WORK INSTRUCTION:
Lines that contain the string "pickP" are the ones to list; copy all of them from the records.

EXERCISE MATERIALS:
Lemma card_halves_in (S : {set V}) : #|[set h | hv h \in S]| = 4 * #|S|.
Proof.
rewrite -sum1_card (partition_big hv (mem S)) => [|h]; last by rewrite inE.
rewrite -sum1_card big_distrr /= muln1; apply: eq_bigr => v vS.
rewrite -(card_halves_at v) -sum1_card; apply: eq_bigl => h.
by rewrite !inE; case: eqP => [->|]; rewrite ?vS ?andbF.
Qed.

Lemma card_inner_halves (S : {set V}) :
  #|[set h | inner_half S h]| = 2 * #|[set e | inner_line src tgt S e]|.
Proof.
have -> : [set h | inner_half S h] = inl @: setX [set e | inner_line src tgt S e] setT.
  apply/setP=> -[[e b]|b]; rewrite inE /=.
    by rewrite mem_imset ?inE ?andbT // => ? ? [].
  by apply/esym/imsetP=> -[].
by rewrite card_imset => [|? ? []//]; rewrite cardsX cardsT card_bool mulnC.
Qed.

Lemma ext_half_even (S : {set V}) : ~~ odd #|ext_half S|.
Proof.
set H := [set h | hv h \in S]; set I := [set h | inner_half S h].
have -> : ext_half S = H :\: I by apply/setP=> h; rewrite !inE andbC.
have /setIidPr HI : I \subset H.
  by apply/subsetP=> h; rewrite !inE; case: h => [[e b]|//]; rewrite inner_halfE => /andP[].
have := cardsID I H; rewrite HI card_halves_in card_inner_halves => /(congr1 odd).
by rewrite oddD !oddM /= => ->.
Qed.

Lemma gen_tadpole_at (S : {set V}) w h0 h1 : connected S ->
  (forall h, h \in ext_half S -> hv h = w) ->
  hv h0 = w -> inner_half S h0 -> hv h1 = w -> ~~ inner_half S h1 ->
  gen_tadpole src tgt vA vB S.
Proof.
move=> cS ext_w h0w h0in h1w h1out.
have wS : w \in S.
  by case: h0 h0w h0in => [[e b]|//] <-; rewrite inner_halfE => /andP[].
have h1ext : h1 \in ext_half S by rewrite inE h1w wS.
have le3 : #|ext_half S| <= 3.
  have sub : ext_half S \subset [set h | hv h == w] :\ h0.
    apply/subsetP=> h hE; rewrite !inE ext_w // eqxx andbT.
    by apply: contraTneq hE => ->; rewrite inE h0in andbF.
  have := cardsD1 h0 [set h | hv h == w].
  by rewrite card_halves_at inE h0w eqxx add1n => -[->]; apply: subset_leq_card.
have ge1 : 0 < #|ext_half S| by apply/card_gt0P; exists h1.
apply/and3P; split=> //.
- by move: le3 ge1 (ext_half_even S); case: #|_| => [|[|[|[]]]].
- by apply/existsP; exists w; apply/forallP=> h; apply/implyP=> /ext_w ->.
Qed.

Lemma component_tadpole (W : {set V}) w y h1 :
  connected W -> w \in W -> y \in W :\ w ->
  let C := component (W :\ w) y in
  vA \notin C -> vB \notin C -> (forall x z, x \in C -> adjacent x z -> z \in W) ->
  hv h1 = w -> ~~ inner_half (w |: C) h1 ->
  gen_tadpole src tgt vA vB (w |: C).
Proof.
move=> cW wW yW C nAC nBC C_W h1w h1out.
have wC : w \notin C by apply/negP=> /(subsetP (component_sub src tgt yW)); rewrite setD11.
have C_closed x z : x \in C -> adjacent x z -> z \in w |: C.
  move=> xC xz; rewrite in_setU1; have [//|zw] := eqVneq z w.
  by rewrite (component_closed yW xC _ xz) ?orbT // in_setD1 zw (C_W x).
have [x [z [xC zC /and3P[_ _ xz]]]] :=
  connect_cross (connected_connect cW (subsetP (subD1set W w) _ yW) wW)
    (component_id src tgt _ y) wC.
have {zC} zw : z = w by move: (C_closed x z xC xz); rewrite in_setU1 (negbTE zC) orbF => /eqP.
rewrite {z}zw in xz.
have [e [b [ex ew]]] := adjacentP _ _ xz.
apply: (gen_tadpole_at (h0 := inl (e, ~~ b)) _ _ ew _ h1w h1out).
- exact: connected_setU1 (connected_component _ _ _ _) xC xz.
- move=> h; rewrite inE in_setU1 => /andP[/orP[/eqP//|hC]].
  case: h hC => [[e' b']|[]] hC.
  + rewrite inner_halfE in_setU1 hC orbT /= => /negP[].
    by apply: (C_closed _ _ hC); apply/adjacentP; exists e', b'.
  + by rewrite /= hC in nBC.
  + by rewrite /= hC in nAC.
- by rewrite inner_halfE negbK ew setU11 ex setU1r.
Qed.

Hypothesis no_tadpole : forall S : {set V}, ~~ gen_tadpole src tgt vA vB S.

Lemma connected_setC1 : connected (~: [set vA]).
Proof.
case: phi4 => nAB cT _ _ _.
have -> : ~: [set vA] = setT :\ vA by apply/setP=> x; rewrite !inE andbT.
have vBW : vB \in setT :\ vA by rewrite !inE andbT eq_sym.
apply: (connected_set_from vBW) => y yW; apply/negPn/negP=> nBy.
case/negP: (no_tadpole (vA |: component (setT :\ vA) y)).
apply: (component_tadpole (h1 := inr false) cT (in_setT vA) yW) => //.
- by apply/negP=> /(subsetP (component_sub src tgt yW)); rewrite setD11.
- by rewrite component_sym inE.
- by move=> *; apply: in_setT.
Qed.

Definition candidate (A : {set V}) v :=
  [&& v \notin A, v != vB & [exists z in A, adjacent v z]].

Definition residual (A : {set V}) v := component (~: A :\ v) vB.

Lemma candidate_free_closed (A C : {set V}) : C \subset ~: A :\ vB ->
  {in C, forall x, ~~ candidate A x} ->
  forall x z, x \in C -> adjacent x z -> z \in ~: A.
Proof.
move=> CB noc x z xC xz; rewrite inE; apply: contraNN (noc x xC) => zA.
have /setD1P[xvB xA] := subsetP CB _ xC.
by rewrite /candidate -in_setC xA xvB; apply/exists_inP; exists z.
Qed.

Lemma candidate_exists (A : {set V}) : AB_cut src tgt vA vB A -> 1 < #|~: A| ->
  exists v, candidate A v.
Proof.
case/and4P=> vAA vBB _ cB /card_gt1P[x [z [xB zB xz]]].
have [y yB yvB] : exists2 y, y \in ~: A & y != vB.
  by have [xvB|] := eqVneq x vB; [exists z; rewrite // -xvB eq_sym | exists x].
have yW : y \in ~: A :\ vB by rewrite in_setD1 yvB.
have CW := component_sub src tgt yW.
apply/existsP; apply: contraT => /existsPn noc.
case/negP: (no_tadpole (vB |: component (~: A :\ vB) y)).
apply: (component_tadpole (h1 := inr true) cB vBB yW) => //.
- by apply/negP=> /(subsetP CW); rewrite !inE vAA andbF.
- by apply/negP=> /(subsetP CW); rewrite setD11.
- by apply: candidate_free_closed CW _ => v _; apply: noc.
Qed.

Lemma residual_maximal (A : {set V}) v : AB_cut src tgt vA vB A -> candidate A v ->
  (forall v', candidate A v' -> #|residual A v'| <= #|residual A v|) ->
  residual A v = ~: A :\ v.
Proof.
case/and4P=> vAA vBB _ cB /and3P[vnA vvB /exists_inP[a aA va]] maxv.
have vBW : vB \in ~: A :\ v by rewrite in_setD1 eq_sym vvB.
apply/eqP; rewrite eqEsubset component_sub //=.
apply/subsetP=> y yW; apply: contraT => yR.
set C := component (~: A :\ v) y.
have CW : C \subset ~: A :\ v := component_sub src tgt yW.
have C_R z : z \in C -> z \notin residual A v.
  by move=> zC; apply: contra yR => zR; apply: component_trans zR _; rewrite component_sym.
have vBC : vB \notin C by apply: contraL (component_id src tgt _ vB); apply: C_R.
have [/exists_inP[v' v'C cv'] | /exists_inPn noc] := boolP [exists v' in C, candidate A v'].
  have := maxv v' cv'; rewrite leqNgt => /negP[]; apply: proper_card.
  by apply: component_setD1_proper cB vBW _ (subsetP CW _ v'C) (C_R _ v'C); rewrite inE.
have CB : C \subset ~: A :\ vB.
  apply/subsetP=> z zC; rewrite in_setD1 (subsetP (subD1set _ v) _ (subsetP CW _ zC)).
  by rewrite andbT; apply: contraNneq vBC => <-.
case/negP: (no_tadpole (v |: C)).
have [e [b [ev ea]]] := adjacentP _ _ va.
apply: (component_tadpole (h1 := inl (e, b)) cB _ yW) => //.
- by rewrite inE.
- by apply/negP=> /(subsetP CW); rewrite !inE vAA andbF.
- exact: candidate_free_closed CB noc.
- rewrite inner_halfE ea negb_and orbC in_setU1 negb_or; apply/orP; left.
  apply/andP; split.
    by apply: contraNneq vnA => <-.
  by apply/negP=> /(subsetP CW); rewrite !inE aA andbF.
Qed.

Lemma cut_extension (A : {set V}) : AB_cut src tgt vA vB A -> 1 < #|~: A| ->
  exists2 v, v \notin A & AB_cut src tgt vA vB (v |: A).
Proof.
move=> cutA gt1; have [v0 c0] := candidate_exists cutA gt1.
have [v cv maxv] := @arg_maxnP _ v0 (candidate A) (fun v => #|residual A v|) c0.
have full := residual_maximal cutA cv maxv.
case/and4P: cutA => vAA vBB cA _; case/and3P: cv => vnA vvB /exists_inP[a aA va].
exists v => //; apply/and4P; split.
- by rewrite setU1r.
- by rewrite !inE negb_or eq_sym vvB -in_setC.
- by apply: connected_setU1 cA aA _; rewrite adjacent_sym.
- have -> : ~: (v |: A) = residual A v by rewrite full; apply/setP=> x; rewrite !inE negb_or.
  exact: connected_component.
Qed.

Definition grow (A : {set V}) : {set V} :=
  if [pick v | (v \notin A) && AB_cut src tgt vA vB (v |: A)] is Some v then v |: A
  else setT.

Lemma grow_cut (A : {set V}) v : v \notin A -> AB_cut src tgt vA vB (v |: A) ->
  AB_cut src tgt vA vB (grow A) /\ #|grow A| = #|A|.+1.
Proof.
move=> vnA cutvA; rewrite /grow; case: pickP => [u /andP[unA cutuA] | /(_ v)].
  by rewrite cardsU1 unA.
by rewrite vnA cutvA.
Qed.

Lemma grow_proper (A : {set V}) : A != setT -> A \proper grow A.
Proof.
rewrite /grow -properT; case: pickP => // u /andP[unA _] _.
by rewrite properUr // sub1set.
Qed.

Lemma cut_set1 : AB_cut src tgt vA vB [set vA].
Proof.
case: phi4 => nAB _ _ _ _; apply/and4P; split.
- exact: set11.
- by rewrite !inE eq_sym.
- by apply: (connected_set_from (set11 vA)) => y /set1P->; apply: connect0.
- exact: connected_setC1.
Qed.

Definition cut_chain p := iter p grow set0.

Lemma cut_chain_cut p : 0 < p < #|V| ->
  AB_cut src tgt vA vB (cut_chain p) /\ #|cut_chain p| = p.
Proof.
elim: p => [//|[|p] IH] /andP[_ ltpV].
  by have := @grow_cut set0 vA; rewrite in_set0 setU0 cards0; apply=> //; apply: cut_set1.
have [cutp cardp] := IH (ltnW ltpV).
have gt1 : 1 < #|~: cut_chain p.+1| by rewrite cardsCs setCK cardp; lia.
have [v vnA cutvA] := cut_extension cutp gt1.
by have [cut' ->] := grow_cut vnA cutvA; rewrite cardp.
Qed.

Lemma cut_chain_proper p : p < #|V| -> cut_chain p \proper cut_chain p.+1.
Proof.
move=> ltpV; apply: grow_proper; apply/eqP=> chainT.
case: p ltpV chainT => [|p] ltpV chainT.
  by move: ltpV; rewrite -cardsT -chainT cards0.
have [/and4P[_ vBB _ _] _] := @cut_chain_cut p.+1 ltpV.
by rewrite chainT inE in_setT in vBB.
Qed.

Lemma cut_chain_full : cut_chain #|V| = setT.
Proof.
case: phi4 => nAB _ _ _ _.
have gt1 : 1 < #|V| by apply/card_gt1P; exists vA, vB.
have [_ card_pred] := @cut_chain_cut #|V|.-1 ltac:(lia).
apply/eqP; rewrite eqEcard subsetT cardsT.
have := proper_card (@cut_chain_proper #|V|.-1 ltac:(lia)).
by rewrite prednK ?card_pred; lia.
Qed.

End Phi4.

Theorem lemma1 (V E : finType) (src tgt : E -> V) (vA vB : V) :
  2 <= #|V| ->
  two_point_phi4 src tgt vA vB ->
  (forall S : {set V}, ~~ gen_tadpole src tgt vA vB S) ->
  exists A : nat -> {set V},
    [/\ A 0 = set0, A #|V| = setT,
        (forall p, p < #|V| -> A p \proper A p.+1)
      & (forall p, 0 < p < #|V| -> AB_cut src tgt vA vB (A p))].
Proof.
(* [2 <= #|V|] already follows from [vA != vB]. *)
move=> _ phi4 no_tadpole; exists (cut_chain src tgt vA vB); split=> //.
- exact: cut_chain_full.
- exact: cut_chain_proper.
- by move=> p /(cut_chain_cut phi4 no_tadpole) [].
Qed.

RESPONSE AREA:
move=> vnA cutvA; rewrite /grow; case: pickP => [u /andP[unA cutuA] | /(_ v)].
rewrite /grow -properT; case: pickP => // u /andP[unA _] _.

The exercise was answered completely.